And that’s one of the big advantages of the entire American system, was the protection of individuals, the protection of ideas and businesses. The problem ultimately became-was that they started to blur the line. Everyone was blurring the line. We…there was no line originally, there was just this, we’re going to turn our head and you guys copy us and become American and it’s all gonna be good because you won’t be Russian. And that was fine until it just started to just be too much. I mean, if you look at things before Trump did what he did-and I think that this was going long before Trump-the US Senate has been pounding their fists about these issues for about five or ten years prior to Trump. So this whole thing isn’t new. The main issue here is that American innovation is our advantage.
We can’t allow countries, no matter who they are, how much we want to be friends with them, or we want them to not be our enemy, we can’t give away what we do best.
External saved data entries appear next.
(* The modules M(b).  Indices 1..10 of the paper are read mod 10 and   *)
(* represented in 'I_10 (paper index 10 <-> 0).  Vertex k : 'I_10;     *)
(* arrow x_j : V_(j-1) -> V_j, y_j : V_j -> V_(j-1).  Z-linear maps    *)
(* Z^2 -> Z^2 are 2x2 matrices acting on column vectors.               *)
Definition prev10 (j : 'I_10) : 'I_10 := inord ((j + 9) %% 10).
Definition next10 (j : 'I_10) : 'I_10 := inord ((j + 1) %% 10).

Definition mx2 (a b c d : Z) : 'M[Z]_2 :=
  \matrix_(r < 2, s < 2)
    (if r == 0 :> nat then (if s == 0 :> nat then a else b)
     else (if s == 0 :> nat then c else d)).

Definition xmat (b : 'I_10 -> Z) (j : 'I_10) : 'M[Z]_2 :=
  if odd j then mx2 t (b j) 0 1 else mx2 1 (b j) 0 t.
Definition ymat (b : 'I_10 -> Z) (j : 'I_10) : 'M[Z]_2 :=
  if odd j then mx2 1 (- b j) 0 t else mx2 t (- b j) 0 1.

Definition Miso (b c : 'I_10 -> Z) : Prop :=
  exists phi : 'I_10 -> 'M[Z]_2,
    (forall k, exists psi : 'M[Z]_2, phi k *m psi = 1%:M /\ psi *m phi k = 1%:M)
    /\ (forall j, phi j *m xmat b j = xmat c j *m phi (prev10 j))
    /\ (forall j, phi (prev10 j) *m ymat b j = ymat c j *m phi j).

Definition Bsum (b : 'I_10 -> Z) (i : 'I_10) : Z := b i + b (next10 i).

Definition oidx (j : 'I_10) (l : nat) : 'I_10 := inord ((j + 2 * l) %% 10).

From HB Require Import structures.
From mathcomp Require Import all_boot all_algebra.
From mathcomp Require Import zify ring.

Set Implicit Arguments.
Unset Strict Implicit.
Unset Printing Implicit Defensive.

Import GRing.Theory.
Local Open Scope ring_scope.

(* Since x y = y x = t at every vertex, an isomorphism M(b) -> M(c) is a family
   of invertible intertwiners of the x-arrows alone. Walking around the cycle
   from the even vertex j - 1, the x-relations at a pair of consecutive vertices
   force the intertwiner at every even position 2k into the shape
   [[p_k, q_k], [t r, s_k]] with p_(k+1) = p_k + C_k r, s_(k+1) = s_k - B_k r and
   t (q_(k+1) - q_k) = C_k s_k - B_k p_k - B_k C_k r, and conversely such data with
   a unit determinant can be completed to an isomorphism. Hence M(b) ~= M(c) iff
   these five "defects" vanish at t = 0 for some r, p, s with p s <> 0 at t = 0.
   As B_j and C_j vanish at t = 0 and both sums are 0, this is a homogeneous
   linear system of three equations in (s, p, r), whose determinant is the
   displayed polynomial; the non-divisibility hypotheses make its explicit kernel
   vector have p s <> 0. *)

Lemma coefM (f g : Z) n :
  coef (f * g) n = \sum_(i < n.+1) coef f i * coef g (n - i).
Proof. exact: (big_mkord xpredT (fun i => coef f i * coef g (n - i))). Qed.

Definition ev0 (f : Z) : CC := coef f 0.
(* Keeps [/=] from unfolding the constant term into a Cauchy-product sum. *)
Arguments ev0 : simpl never.

Fact ev0_is_zmod_morphism : zmod_morphism ev0.
Proof. by []. Qed.

Fact ev0_is_monoid_morphism : monoid_morphism ev0.
Proof. by split=> // f g; rewrite /ev0 coefM big_ord1. Qed.

HB.instance Definition _ := GRing.isZmodMorphism.Build Z CC ev0 ev0_is_zmod_morphism.
HB.instance Definition _ := GRing.isMonoidMorphism.Build Z CC ev0 ev0_is_monoid_morphism.
Lemma weights_relation_d :
  Csub (Cmul (wa tau eta_pi3 y') (wb tau eta_pi3 y)) (Cmul (wd tau eta_pi3 y) (wd tau eta_pi3 y')) = rho.
Proof.
  destruct (shifts_by_eta y) as [Em [E2 E1]]. fold e2 in Em, E2, E1. fold y' in Em, E2, E1.
  pose proof (theta4_addition tau Htau y' e2) as A.
  unfold rho, wa, wb, wd, wr. fold e2 y'.
  rewrite Em, E2, theta4_add_pi in A by auto.
  rewrite E2, E1, theta1_add_pi, theta1_add_pi, theta4_add_pi by auto.
  match type of A with _ = ?r =>
    transitivity (Cmul (Cmul (theta1 tau y) (Copp (theta1 tau (Cadd y eta_pi3)))) r) end;
  [ring | rewrite <- A; ring].
Qed.

End WeightsAtPiOver3.

(** The monodromy of two sites with parameters [x, x + 2 eta] maps the
    singlet to [r(x-u) r(x+2eta-u)] times the singlet, and acts trivially
    on the auxiliary space: the diagonal entries are the weight relations,
    the others vanish identically. *)
Lemma pair_monodromy_singlet tau (Htau : 0 < snd tau) u x c b s1 s2 :
  Csub (mono tau eta_pi3 u [x; Cadd x (eta2 eta_pi3)] c b [s1; s2] [false; true])
       (mono tau eta_pi3 u [x; Cadd x (eta2 eta_pi3)] c b [s1; s2] [true; false]) =
  if Bool.eqb c b
  then Cmul (Cmul (wr tau eta_pi3 (Csub x u)) (wr tau eta_pi3 (Csub (Cadd x (eta2 eta_pi3)) u)))
            (singlet s1 s2)
  else C0.
Proof.
  assert (Ey : Csub (Cadd x (eta2 eta_pi3)) u = Cadd (Csub x u) (eta2 eta_pi3)) by cring.
  pose proof (weights_relation_c tau Htau (Csub x u)) as Jc.
  pose proof (weights_relation_d tau Htau (Csub x u)) as Jd.
  cbv zeta in Jc, Jd.
  destruct c, b, s1, s2; cbn [mono Bool.eqb singlet]; unfold Rent; cbn [Bool.eqb andb negb];
  rewrite !Ey;
  first [ ring | rewrite <- Jc; ring | rewrite <- Jd; ring | unfold wa, wb, wc, wd; ring ].
Qed.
And we had to stand up for ourselves at some point and say, hey, look, we helped you guys out, we got you up and running. But now that you’re up and running, you’ve got to play by the rules. And I think that this whole dispute-and I’m not politically charged either way, I’m definitely more on the commercial side of things-but I think that the time was right to draw the line now and say, hey, we gave you-we basically gave them a free ride just so that they could get going. And now they’re going, so why should they get free Windows when I have to pay for it? It’s not fair. It’s not fair to Bill Gates or whoever. So at the end of the day the time was right for a renegotiation of our relationship. It had to happen. And I would say that the only core issue in truth is the theft of technologies and patents and ideas and not paying for them. That is the core main transgression that has occurred.
Rich Helppie:
It’s not about soybeans and tariffs and who gets to buy steel from whom? Because this is the way some of the reporting has gone on. And I don’t think there was a great deal of understanding about the Trans-pacific Partnership, although, when Trump rejected that agreement, there was a great wailing and there was going to be the, I think it was, the end of this hemisphere. What was good about the Trans-pacific Partnership and, and what was flawed about it? And are we onto a better way now that that doesn’t exist?
Aaron Boesky:
I think that the best way forward period, is having a fair and level playing field where, individuals and businesses can compete on a fair basis. Let the hardest workers win, or the most organized, or the most talented, or the brightest. There’s so many ways that a sports team can be great, or a company can be special. And we’ve learned in seeing the greatest free markets system ever created and what it can create. In just 150 years of the American experiment, we essentially innovated and created the entire modern world. And you have to stop for a moment in all this malaise about Trans-pacific Partnerships and jobs and steel and soybeans, and say to yourself, oh my God, we made the telephone, the television, the airplane-we fly, we made the computer, the satellite, decoded DNA. You look at how much has come out of America in such a short period of time, no other empire, no other nation has even come remotely close in terms of the outpouring of life changing innovation that’s changed everybody’s life on this planet, from people in African fields to Russian Siberia.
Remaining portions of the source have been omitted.